> Task description
Please output exactly the part of the records below that opens with the line containing "From mathcomp Require Import mpoly." and closes with the line containing "Lemma ideal_sub A", both lines included, and nothing else.

[Dataset records Boundary: Start]

(* Let $p,q$ be positive integers, $m$ a non-negative integer and $s$ a positive integer. If there is an odd integer $a_1$ with $\frac12 G_{2^m s}=2a_1+1$, then $$\tfrac12 G_{2^{m+1}s}\equiv 1\pmod{2^{e_{g,0}}}\quad\text{and}\quad \tfrac12 G_{2^{m+1}s}\not\equiv 1\pmod{2^{e_{g,0}+1}},$$ where $e_{g,0}=3+\max\{x : 2^x\mid (a_1+1)\}$.
   Context: $A=pq+2$, $B=\sqrt{A^2-4}$, $G_n=\left(\frac{A+B}{2}\right)^n+\left(\frac{A-B}{2}\right)^n$ (an integer). *)

From Stdlib Require Import Reals ZArith Lra Lia.
Open Scope R_scope.

Definition Aval (p q : nat) : R := INR p * INR q + 2.
Definition Bval (p q : nat) : R := sqrt (Aval p q ^ 2 - 4).

Definition G (p q : nat) (n : nat) : R :=
  ((Aval p q + Bval p q) / 2) ^ n + ((Aval p q - Bval p q) / 2) ^ n.

(* The roots (A+B)/2 and (A-B)/2 have product 1, so G_{2n} = G_n^2 - 2, i.e. with
   h_n = G_n/2 we get h_{2n} = 2 h_n^2 - 1.  Hence h_n = 2a+1 gives
   h_{2n} = 1 + 8a(a+1).  As a is odd, the 2-adic valuation of 8a(a+1) is
   exactly 3 + v_2(a+1). *)
From Stdlib Require Import Reals ZArith Lra Lia.
Open Scope R_scope.

Lemma pow_add_double_of_mul_1 (u v : R) (n : nat) :
  u * v = 1 -> u ^ (2 * n) + v ^ (2 * n) = (u ^ n + v ^ n) ^ 2 - 2.
Proof.
  intros Huv.
  assert (Hn : u ^ n * v ^ n = 1) by (rewrite <- Rpow_mult_distr, Huv; apply pow1).
  replace (2 * n)%nat with (n + n)%nat by lia.
  rewrite !pow_add. nra.
Qed.

Lemma Aval_ge_2 (p q : nat) : 2 <= Aval p q.
Proof.
  unfold Aval. pose proof (pos_INR p). pose proof (pos_INR q). nra.
Qed.

Lemma G_roots_mul (p q : nat) :
  (Aval p q + Bval p q) / 2 * ((Aval p q - Bval p q) / 2) = 1.
Proof.
  pose proof (Aval_ge_2 p q) as HA.
  assert (HB : Bval p q * Bval p q = Aval p q ^ 2 - 4)
    by (apply sqrt_sqrt; nra).
  nra.
Qed.

Lemma G_double (p q n : nat) : G p q (2 * n) = G p q n ^ 2 - 2.
Proof. apply pow_add_double_of_mul_1, G_roots_mul. Qed.

Lemma half_G_double (p q n : nat) : G p q (2 * n) / 2 = 2 * (G p q n / 2) ^ 2 - 1.
Proof. rewrite G_double. field. Qed.

Lemma odd_cofactor_of_max_pow2_dvd (z : Z) (x : nat) :
  (2 ^ Z.of_nat x | z)%Z ->
  (forall y : nat, (2 ^ Z.of_nat y | z)%Z -> (y <= x)%nat) ->
  exists c : Z, z = (2 ^ Z.of_nat x * c)%Z /\ Z.odd c = true.
Proof.
  intros [c Hc] Hmax. exists c. split; [lia |].
  destruct (Z.odd c) eqn:Ec; [reflexivity | exfalso].
  assert (Heven : Z.even c = true) by (rewrite <- Z.negb_odd, Ec; reflexivity).
  apply Z.even_spec in Heven as [d Hd].
  assert (Hdvd : (2 ^ Z.of_nat (S x) | z)%Z).
  { exists d. rewrite Hc, Hd, Nat2Z.inj_succ, Z.pow_succ_r by lia. ring. }
  apply Hmax in Hdvd. lia.
Qed.

Lemma not_pow2_succ_dvd_mul_odd (e : nat) (c : Z) :
  Z.odd c = true -> ~ (2 ^ Z.of_nat (e + 1) | 2 ^ Z.of_nat e * c)%Z.
Proof.
  intros Hc [k Hk].
  rewrite Nat2Z.inj_add, Z.pow_add_r in Hk by lia.
  assert (Hpos : (0 < 2 ^ Z.of_nat e)%Z) by (apply Z.pow_pos_nonneg; lia).
  assert (Hc2 : c = (2 * k)%Z) by nia.
  rewrite Hc2, Z.odd_mul in Hc. discriminate.
Qed.

Lemma IZR_eq_1_add_mul_iff (N d : Z) :
  (exists k : Z, IZR N = 1 + IZR d * IZR k) <-> (d | N - 1)%Z.
Proof.
  split.
  - intros [k Hk]. exists k.
    rewrite <- mult_IZR, <- plus_IZR in Hk. apply eq_IZR in Hk. lia.
  - intros [k Hk]. exists k.
    rewrite <- mult_IZR, <- plus_IZR. f_equal. lia.
Qed.

Theorem lemma5 (p q m s : nat) :
  (0 < p)%nat -> (0 < q)%nat -> (0 < s)%nat ->
  forall a1 : Z, Z.odd a1 = true ->
  G p q (2 ^ m * s) / 2 = 2 * IZR a1 + 1 ->
  forall x : nat,
    (* x = max { x : 2^x | a1 + 1 } *)
    (2 ^ Z.of_nat x | a1 + 1)%Z ->
    (forall y : nat, (2 ^ Z.of_nat y | a1 + 1)%Z -> (y <= x)%nat) ->
  let e := (3 + x)%nat in
  (exists k : Z, G p q (2 ^ (m + 1) * s) / 2 = 1 + IZR (2 ^ Z.of_nat e) * IZR k) /\
  ~ (exists k : Z, G p q (2 ^ (m + 1) * s) / 2 = 1 + IZR (2 ^ Z.of_nat (e + 1)) * IZR k).
Proof.
  intros _ _ _ a1 Hodd Hhalf x Hdvd Hmax e.
  assert (Hnext : G p q (2 ^ (m + 1) * s) / 2 = IZR (1 + 8 * a1 * (a1 + 1))).
  { replace (2 ^ (m + 1) * s)%nat with (2 * (2 ^ m * s))%nat
      by (rewrite Nat.pow_add_r, Nat.pow_1_r; lia).
    rewrite half_G_double, Hhalf, plus_IZR, !mult_IZR, plus_IZR. simpl. ring. }
  destruct (odd_cofactor_of_max_pow2_dvd _ _ Hdvd Hmax) as [c [Hc Hcodd]].
  assert (Hval : (1 + 8 * a1 * (a1 + 1) - 1 = 2 ^ Z.of_nat e * (a1 * c))%Z).
  { unfold e. rewrite Nat2Z.inj_add, Z.pow_add_r, Hc by lia.
    change (2 ^ Z.of_nat 3)%Z with 8%Z. ring. }
  rewrite Hnext, !IZR_eq_1_add_mul_iff, Hval.
  split.
  - apply Z.divide_factor_l.
  - apply not_pow2_succ_dvd_mul_odd. now rewrite Z.odd_mul, Hodd, Hcodd.
Qed.
Definition ideal_atom (I : subsetR) : Prop :=
  [/\ nonzero_ideal I, ~ ideal_eq I unit_ideal &
      forall A B, nonzero_ideal A -> nonzero_ideal B ->
        ideal_eq I (ideal_mul A B) -> ideal_eq A unit_ideal \/ ideal_eq B unit_ideal].

Definition all_atoms (s : seq subsetR) : Prop := forall i, (i < size s)%N -> ideal_atom (nth unit_ideal s i).

Definition ideal_monoid_BF : Prop :=
  forall I, nonzero_ideal I -> ~ ideal_eq I unit_ideal ->
    (exists s, all_atoms s /\ ideal_eq I (ideal_prod s)) /\
    (exists n, forall s, all_atoms s -> ideal_eq I (ideal_prod s) -> (size s <= n)%N).

End Ideals.

(* the variables X = X_1 and Y = X_2 of D[X_1,...,X_N], N >= 2 (0-indexed) *)
Definition var1 (N : nat) (hN : (1 < N)%N) : 'I_N := Ordinal (ltnW hN).
Definition var2 (N : nat) (hN : (1 < N)%N) : 'I_N := Ordinal hN.

From HB Require Import structures.
From mathcomp Require Import all_boot all_algebra.
From mathcomp Require Import mpoly.
From mathcomp Require Import zify ring.
From Stdlib Require Import Classical.
Set Implicit Arguments. Unset Strict Implicit. Unset Printing Implicit Defensive.
Import GRing.Theory.
Local Open Scope ring_scope.

(* If m = 2j the ideal is the square of the proper ideal (X^j, Y^j).  Conversely, let
   I = AB and let a, b be the least degrees of monomials occurring in A and B; comparing
   lowest-degree parts gives a + b = m.  If a = 0, then A contains an element with nonzero
   constant term; monomial ideals are saturated with respect to such elements, so B is
   contained in I, hence I = AI, and the determinant trick gives A = R.  If a, b > 0, the
   degree-a initial forms of A and the degree-b initial forms of B multiply into the span
   of X^m, X^(m-j) Y^j, Y^m, and both X^m and Y^m are sums of such products.  Comparing
   the highest powers of X (resp. Y) in these products shows b <= m - j and b <= j, and
   symmetrically for a, so m = a + b forces m = 2j. *)

Section Ideals.
Variable R : comNzRingType.
Implicit Types (A B C : subsetR R) (g : seq R).

Lemma ideal_sub A x y : is_ideal A -> A x -> A y -> A (x - y).
Proof. by move=> [_ AD AM] Ax Ay; rewrite -mulN1r; apply/AD/AM. Qed.

Lemma ideal_mulr A r x : is_ideal A -> A x -> A (x * r).
Proof. by move=> [_ _ AM] Ax; rewrite mulrC; apply: AM. Qed.

Lemma ideal_sum A (I : Type) (s : seq I) (P : pred I) (F : I -> R) :
  is_ideal A -> (forall i, P i -> A (F i)) -> A (\sum_(i <- s | P i) F i).
Proof. by move=> [A0 AD _] AF; elim/big_ind: _. Qed.

Lemma ideal_unit A : is_ideal A -> A 1 -> ideal_eq A (@unit_ideal R).
Proof. by move=> [_ _ AM] A1 x; split=> // _; rewrite -[x]mulr1; apply: AM. Qed.

Lemma gen_ideal_is_ideal g : is_ideal (gen_ideal g).
Proof.
split.
- by exists (fun=> 0); rewrite big1 // => i _; rewrite mul0r.
- move=> _ _ [c ->] [d ->]; exists (fun i => c i + d i).
  by rewrite -big_split; apply: eq_bigr => i _; rewrite mulrDl.
- move=> r _ [c ->]; exists (fun i => r * c i).
  by rewrite mulr_sumr; apply: eq_bigr => i _; rewrite mulrA.
Qed.

Lemma gen_ideal_nth g i : (i < size g)%N -> gen_ideal g g`_i.
Proof.
move=> ig; exists (fun k => (val k == i)%:R).
rewrite (bigD1 (Ordinal ig)) //= eqxx mul1r big1 ?addr0 // => k.
by rewrite -val_eqE => /negbTE /= ->; rewrite mul0r.
Qed.

Lemma gen_ideal_mem g x : x \in g -> gen_ideal g x.
Proof. by move=> gx; rewrite -(nth_index 0 gx); apply: gen_ideal_nth; rewrite index_mem. Qed.

Lemma gen_ideal_min g C : is_ideal C -> (forall i, (i < size g)%N -> C g`_i) ->
  forall x, gen_ideal g x -> C x.
Proof.
by move=> hC Cg _ [c ->]; apply: ideal_sum => // i _; case: hC => _ _; apply; apply: Cg.
Qed.

Lemma ideal_mul_prod A B a b : A a -> B b -> ideal_mul A B (a * b).
Proof. by move=> Aa Bb; exists 1%N, (fun=> a), (fun=> b); rewrite big_ord1. Qed.

Lemma ideal_mulSr A B B' x :
  (forall b, B b -> B' b) -> ideal_mul A B x -> ideal_mul A B' x.
Proof. by move=> BB' [k [a [b [Aa Bb ->]]]]; exists k, a, b; split=> // i; apply: BB'. Qed.

Lemma ideal_mul_min A B C : is_ideal C -> (forall a b, A a -> B b -> C (a * b)) ->
  forall x, ideal_mul A B x -> C x.
Proof. by move=> hC CAB _ [k [a [b [Aa Bb ->]]]]; apply: ideal_sum => // i _; apply: CAB. Qed.

Lemma ideal_mul_is_ideal A B : is_ideal A -> is_ideal (ideal_mul A B).
Proof.
move=> hA; have [A0 _ AM] := hA; split.
- by exists 0%N, (fun=> 0), (fun=> 0); split=> [[]|[]|]; rewrite ?big_ord0.
- move=> _ _ [k [a [b [Aa Bb ->]]]] [l [a' [b' [Aa' Bb' ->]]]].
  exists (k + l)%N, (fun i => match split i with inl i => a i | inr i => a' i end).
  exists (fun i => match split i with inl i => b i | inr i => b' i end).
  split=> [i|i|]; [by case: (split i) | by case: (split i) |].
  by rewrite big_split_ord; congr (_ + _); apply: eq_bigr => i _;
    [rewrite (unsplitK (inl _ i)) | rewrite (unsplitK (inr _ i))].
- move=> r _ [k [a [b [Aa Bb ->]]]]; exists k, (fun i => r * a i), b.
  by split=> // [i|]; [apply: AM | rewrite mulr_sumr; apply: eq_bigr => i _; rewrite mulrA].
Qed.

Lemma ideal_mulC A B : ideal_eq (ideal_mul A B) (ideal_mul B A).
Proof.
by move=> x; split=> -[k [a [b [Aa Bb ->]]]]; exists k, b, a; split=> //;
  apply: eq_bigr => i _; rewrite mulrC.
Qed.

End Ideals.

Lemma ideal_mul_gen3P (R : comNzRingType) (A : subsetR R) g0 g1 g2 z :
  is_ideal A -> ideal_mul A (gen_ideal [:: g0; g1; g2]) z ->
  exists M0 M1 M2, [/\ A M0, A M1, A M2 & z = M0 * g0 + M1 * g1 + M2 * g2].
Proof.
move=> hA Az; have [A0 AD _] := hA.
pose C z := exists M0 M1 M2, [/\ A M0, A M1, A M2 & z = M0 * g0 + M1 * g1 + M2 * g2].
have hC : is_ideal C.
  split.
  - by exists 0, 0, 0; split=> //; rewrite !mul0r !addr0.
  - move=> _ _ [M0 [M1 [M2 [AM0 AM1 AM2 ->]]]] [N0 [N1 [N2 [AN0 AN1 AN2 ->]]]].
    by exists (M0 + N0), (M1 + N1), (M2 + N2); split; [exact: AD.. | ring].
  - move=> r _ [M0 [M1 [M2 [AM0 AM1 AM2 ->]]]].
    by exists (r * M0), (r * M1), (r * M2); split; [case: hA => _ _; apply..| ring].
apply: (ideal_mul_min hC _ Az) => a _ Aa [c ->]; rewrite !big_ord_recl big_ord0 addr0 /=.
by exists (a * c ord0), (a * c (lift ord0 ord0)), (a * c (lift ord0 (lift ord0 ord0)));
  split; try exact: ideal_mulr; ring.
Qed.

Lemma determinant_trick3 (R : idomainType) (A : subsetR R) g0 g1 g2 :
  is_ideal A -> g0 != 0 ->
  (forall g, g \in [:: g0; g1; g2] -> ideal_mul A (gen_ideal [:: g0; g1; g2]) g) ->
  ideal_eq A (@unit_ideal R).
Proof.
move=> hA g0n gAg; apply: ideal_unit => //.
have [M00 [M01 [M02 [A00 A01 A02 e0]]]] := ideal_mul_gen3P hA (gAg g0 (mem_head _ _)).
have [M10 [M11 [M12 [A10 A11 A12 e1]]]] :=
  ideal_mul_gen3P hA (gAg g1 ltac:(by rewrite !inE eqxx orbT)).
have [M20 [M21 [M22 [A20 A21 A22 e2]]]] :=
  ideal_mul_gen3P hA (gAg g2 ltac:(by rewrite !inE eqxx !orbT)).
(* [d] is [det (1 - M)]: multiplying [(1 - M) g = 0] by the adjugate gives [d * g0 = 0],
   while [1 - d] is an [A]-combination of the entries of [M]. *)
pose d := (1 - M00) * ((1 - M11) * (1 - M22) - M12 * M21)
  - M01 * (M10 * (1 - M22) + M12 * M20) - M02 * (M10 * M21 + (1 - M11) * M20).
have : d * g0 = 0.
  have -> : d * g0 = ((1 - M11) * (1 - M22) - M12 * M21) * (g0 - (M00 * g0 + M01 * g1 + M02 * g2))
      + (M01 * (1 - M22) + M02 * M21) * (g1 - (M10 * g0 + M11 * g1 + M12 * g2))
      + (M01 * M12 + M02 * (1 - M11)) * (g2 - (M20 * g0 + M21 * g1 + M22 * g2)) by rewrite /d; ring.
  by rewrite -e0 -e1 -e2 !subrr !mulr0 !addr0.
move/eqP; rewrite mulf_eq0 (negbTE g0n) orbF => /eqP d0.
have -> : 1 = M00 * ((1 - M11) * (1 - M22) - M12 * M21) + M01 * (M10 * (1 - M22) + M12 * M20)
    + M02 * (M10 * M21 + (1 - M11) * M20) + M11 * (1 - M22) + M12 * M21 + M22.
  by rewrite -[LHS]subr0 -d0 /d; ring.
by have [_ AD _] := hA; repeat apply: (AD); try apply: ideal_mulr.
Qed.

Section Monomials.
Variable n : nat.
Implicit Types (mu : 'X_{1..n}) (i k : 'I_n).

Definition vdeg i mu : nat := mu i.

Lemma vdeg0 i : vdeg i 0%MM = 0%N. Proof. exact: mnm0E. Qed.
Lemma vdegD i : {morph vdeg i : mu nu / (mu + nu)%MM >-> (mu + nu)%N}.
Proof. by move=> mu nu; apply: mnmDE. Qed.
HB.instance Definition _ i := isMeasure.Build n (vdeg i) (vdeg0 i) (vdegD i).

Lemma mulmn1E i k e : ((U_(i) *+ e)%MM k = if i == k then e else 0)%N.
Proof. by rewrite mulmnE mnm1E; case: eqP; rewrite ?mul1n ?mul0n. Qed.

Lemma mdegUn i e : mdeg (U_(i) *+ e)%MM = e.
Proof. by rewrite mdegMn mdeg1 mul1n. Qed.

Lemma mnm_le_mdeg mu i : (mu i <= mdeg mu)%N.
Proof. by rewrite mdegE (bigD1 i) //= leq_addr. Qed.

Lemma mnm2_le_mdeg mu i k : i != k -> (mu i + mu k <= mdeg mu)%N.
Proof. by move=> ik; rewrite mdegE (bigD1 i) //= (bigD1 k) 1?eq_sym //= addnA leq_addr. Qed.

Lemma mnm_mdeg_eqUn mu i : mu i = mdeg mu -> mu = (U_(i) *+ mdeg mu)%MM.
Proof.
move=> e; apply/mnmP => k; rewrite mulmn1E; case: eqP => [<-|/eqP ik] //.
by have := mnm2_le_mdeg mu ik; lia.
Qed.

End Monomials.

Section Weights.
Variables (n : nat) (R : comNzRingType) (w : measure n).
Implicit Types (p q : {mpoly R[n]}) (mu : 'X_{1..n}).

Lemma mcoeff_pihomog d p mu : (pihomog w d p)@_mu = if w mu == d then p@_mu else 0.
Proof.
pose k := maxn (msize p) (mdeg mu).+1.
rewrite (@pihomogwE n R w d k p) ?leq_maxl // big_mkcond /=.
rewrite (eq_bigr (fun m : 'X_{1..n < k} => (if w m == d then p@_m else 0) *: 'X_[m])).
  by rewrite (@mcoeff_mpoly n R (fun m => if w m == d then p@_m else 0)) // leq_maxr.
by move=> m _; case: ifP; rewrite ?scale0r.
Qed.

Lemma msupp_pihomog d p mu : mu \in msupp (pihomog w d p) -> w mu = d /\ mu \in msupp p.
Proof. by rewrite !mcoeff_msupp mcoeff_pihomog; case: (w mu =P d); rewrite ?eqxx. Qed.
Lemma unfinished_gt0 (O : eqType) (st : state O) k :
  ~ finished st k -> 0 < unfinished st k.
Proof.
move=> unfin; rewrite -has_count; apply/negPn/negP => /hasPn all_final.
by apply: unfin => o /all_final; rewrite negbK => /eqP.
Qed.

Lemma wf_init (O : eqType) l0 : wf_state (init_state O l0).
Proof. by split => //; exists (fun _ => 0), (fun _ _ => 0). Qed.

Lemma wf_below_first_empty (O : eqType) (st : state O) i j :
  wf_state st -> firstEmpty st i -> j < i -> stat st j = SFull.
Proof.
move=> wf [_ nonempty] ji; case sj: (stat st j) => //; first by have := nonempty j ji sj.
have := wf_migr wf sj; rewrite empty_weight_none; first lia.
by move=> j' j'j; apply: nonempty (ltn_trans j'j ji).
Qed.

Section Insertion.

Variables (O : eqType) (st st' : state O) (s : O) (i t : nat) (g : O -> nat).
Variable r : nat -> option O.

Hypothesis wf : wf_state st.
Hypothesis s_fresh : ~ inS st s.
Hypothesis i_first : firstEmpty st i.

Let Si := s :: flatten [seq part st j | j <- iota 0 i].
Let part1 k := if k < i then [::] else if k == i then Si else part st k.
Let stat1 k := if k < i then SEmpty else if k == i then SMigr else stat st k.
Let fin1 o := if o \in Si then (i, t, g o) else fin st o.
Let cur1 o := if o == s then (i, t, g s) else cur st o.

(* Weaker than step (4) of [insert_step]: which unfinished object is
   recolored does not matter here. *)
Hypothesis recolor : forall k, stat1 k = SMigr ->
  (exists o, o \in part1 k /\ cur1 o <> fin1 o) ->
  exists o, [/\ r k = Some o, o \in part1 k & cur1 o <> fin1 o].
Hypothesis lvl_after : lvl st' = maxn (lvl st) i.
Hypothesis part_after : forall k, part st' k = part1 k.
Hypothesis fin_after : forall o, fin st' o = fin1 o.
Hypothesis cur_recolored : forall o, (exists k, r k = Some o) -> cur st' o = fin1 o.
Hypothesis cur_kept : forall o, ~ (exists k, r k = Some o) -> cur st' o = cur1 o.
Hypothesis stat_after : forall k,
  ((stat1 k = SMigr /\ forall o, o \in part1 k -> cur st' o = fin1 o) ->
     stat st' k = SFull) /\
  (~ (stat1 k = SMigr /\ forall o, o \in part1 k -> cur st' o = fin1 o) ->
     stat st' k = stat1 k).

Lemma if_above (A : Type) (x y z : A) k :
  i < k -> (if k < i then x else if k == i then y else z) = z.
Proof. by move=> ik; rewrite ltnNge (ltnW ik) gtn_eqF. Qed.

Lemma mem_Si o : o \in Si -> o = s \/ exists2 j, j < i & o \in part st j.
Proof.
rewrite in_cons => /orP [/eqP ->|/flatten_mapP [j]]; first by left.
by rewrite mem_iota => /andP [_ ji] oj; right; exists j.
Qed.

Lemma part_neq_s k o : o \in part st k -> o != s.
Proof. by move=> ok; apply/eqP => os; apply: s_fresh; exists k; rewrite -os. Qed.

Lemma notin_Si_above k o : i < k -> o \in part st k -> o \notin Si /\ o != s.
Proof.
move=> ik ok; have os := part_neq_s ok.
split=> //; apply/negP => /mem_Si [os'|[j ji oj]]; first by rewrite os' eqxx in os.
by have := wf_disjoint wf oj ok; lia.
Qed.

Lemma unchanged_above k o : i < k -> o \in part st k -> fin1 o = fin st o /\ cur1 o = cur st o.
Proof. by move=> ik /(notin_Si_above ik) [/negbTE nS /negbTE os]; rewrite /fin1 /cur1 nS os. Qed.

Lemma part_below k : k < i -> part st' k = [::].
Proof. by move=> ki; rewrite part_after /part1 ki. Qed.

Lemma part_at : part st' i = Si.
Proof. by rewrite part_after /part1 ltnn eqxx. Qed.

Lemma part_above k : i < k -> part st' k = part st k.
Proof. by move=> ik; rewrite part_after /part1 if_above. Qed.

Lemma mem_part_after k o :
  o \in part st' k -> (k = i /\ o \in Si) \/ (i < k /\ o \in part st k).
Proof. by rewrite part_after /part1; case: ltngtP => [//|ik|->]; [right|left]. Qed.

Lemma cur_after o : cur st' o = fin1 o \/ cur st' o = cur1 o.
Proof.
by case: (classic (exists k, r k = Some o)) => [/cur_recolored|/cur_kept] ->; [left|right].
Qed.

Lemma cur_after_above k o : i < k -> o \in part st k ->
  cur st' o = fin st o \/ cur st' o = cur st o.
Proof. by move=> ik /(unchanged_above ik) [<- <-]; apply: cur_after. Qed.

Lemma cur_after_s : cur st' s = fin st' s.
Proof. by rewrite fin_after; case: (cur_after s) => ->; rewrite /fin1 /cur1 mem_head ?eqxx. Qed.

Lemma stat_after_cases k :
  (stat1 k = SMigr /\ finished st' k /\ stat st' k = SFull) \/
  (~ (stat1 k = SMigr /\ finished st' k) /\ stat st' k = stat1 k).
Proof.
have fin_eq : finished st' k <-> forall o, o \in part1 k -> cur st' o = fin1 o.
  by split=> fk o; move: (fk o); rewrite part_after fin_after.
case: (stat_after k) => to_full keep.
case: (classic (stat1 k = SMigr /\ finished st' k)) => [[m fk]|nfk].
  by left; do 2!split=> //; apply: to_full; split=> //; apply/fin_eq.
by right; split=> //; apply: keep => -[m fk]; apply: nfk; split=> //; apply/fin_eq.
Qed.

Lemma stat_after_below k : k < i -> stat st' k = SEmpty.
Proof. by move=> ki; case: (stat_after_cases k) => [[]|[_ ->]]; rewrite /stat1 ki. Qed.

Lemma stat_after_at : stat st' i <> SEmpty.
Proof. by case: (stat_after_cases i) => [[_ [_ ->]]|[_ ->]] //; rewrite /stat1 ltnn eqxx. Qed.

Lemma is_empty_after_above k : i < k -> is_empty (stat st' k) = is_empty (stat st k).
Proof.
move=> ik; have stat1E : stat1 k = stat st k by rewrite /stat1 if_above.
by case: (stat_after_cases k) => [[m [_ ->]]|[_ ->]]; rewrite -stat1E ?m.
Qed.

Lemma disjoint_after j k o : o \in part st' j -> o \in part st' k -> j = k.
Proof.
move=> /mem_part_after [[-> oS]|[ij oj]] /mem_part_after [[-> oS']|[ik ok]] //.
- by have := (notin_Si_above ik ok).1; rewrite oS.
- by have := (notin_Si_above ij oj).1; rewrite oS'.
- exact: (wf_disjoint wf oj ok).
Qed.

Lemma empty_after k : stat st' k = SEmpty -> part st' k = [::].
Proof.
case: (ltngtP k i) => [/part_below //|ik|-> /stat_after_at //] sk.
rewrite part_above //; apply: (wf_empty wf).
by move: (is_empty_after_above ik); rewrite sk; case: (stat st k).
Qed.
Lemma galois_conj0 (x : algC) : x != 0 -> ~ galois_conj x 0.
Proof.
move=> x_neq0; rewrite /galois_conj; have [p [Dp _] dvdE] := minCpolyP x.
rewrite Dp -[0](rmorph0 (ratr : {rmorphism rat -> algC})) fmorph_root.
move=> /factor_theorem[r]; rewrite subr0 => Dp_r.
have r_neq0 : r != 0.
  apply: contraTneq (size_minCpoly x) => r0.
  by rewrite Dp Dp_r r0 mul0r rmorph0 size_poly0.
have : p %| r.
  rewrite -dvdE; have := root_minCpoly x; rewrite Dp Dp_r rmorphM /= map_polyX.
  by rewrite /root hornerMX mulf_eq0 (negPf x_neq0) orbF.
by move/(dvdp_leq r_neq0); rewrite Dp_r size_mulX // ltnn.
Qed.

Lemma minCpoly_simple_root (x : algC) : ~~ root (minCpoly x)^`() x.
Proof.
have [p [Dp _] dvdE] := minCpolyP x.
have p_gt1 : (1 < size p)%N.
  by rewrite -(size_map_poly (ratr : {rmorphism rat -> algC})) -Dp size_minCpoly.
rewrite Dp deriv_map dvdE; apply/negP => /(dvdp_leq (deriv_neq0 p_gt1)).
by rewrite leqNgt lt_size_deriv // -size_poly_gt0 (ltn_trans _ p_gt1).
Qed.

Lemma minCpoly_rem_root (x : algC) (s : seq algC) :
  minCpoly x = \prod_(y <- s) ('X - y%:P) -> x \notin rem x s.
Proof.
move=> Ds; have x_s : x \in s by rewrite -root_prod_XsubC -Ds root_minCpoly.
apply: contra (minCpoly_simple_root x) => x_rem.
rewrite Ds (perm_big _ (perm_to_rem x_s)) big_cons derivM derivXsubC mul1r.
rewrite /root hornerD hornerM hornerXsubC subrr mul0r addr0 -/(root _ x).
by rewrite root_prod_XsubC.
Qed.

[Dataset records Boundary: End]

> Response below
From mathcomp Require Import mpoly.
From mathcomp Require Import zify ring.
From Stdlib Require Import Classical.
Set Implicit Arguments. Unset Strict Implicit. Unset Printing Implicit Defensive.
Import GRing.Theory.
Local Open Scope ring_scope.

(* If m = 2j the ideal is the square of the proper ideal (X^j, Y^j).  Conversely, let
   I = AB and let a, b be the least degrees of monomials occurring in A and B; comparing
   lowest-degree parts gives a + b = m.  If a = 0, then A contains an element with nonzero
   constant term; monomial ideals are saturated with respect to such elements, so B is
   contained in I, hence I = AI, and the determinant trick gives A = R.  If a, b > 0, the
   degree-a initial forms of A and the degree-b initial forms of B multiply into the span
   of X^m, X^(m-j) Y^j, Y^m, and both X^m and Y^m are sums of such products.  Comparing
   the highest powers of X (resp. Y) in these products shows b <= m - j and b <= j, and
   symmetrically for a, so m = a + b forces m = 2j. *)

Section Ideals.
Variable R : comNzRingType.
Implicit Types (A B C : subsetR R) (g : seq R).

Lemma ideal_sub A x y : is_ideal A -> A x -> A y -> A (x - y).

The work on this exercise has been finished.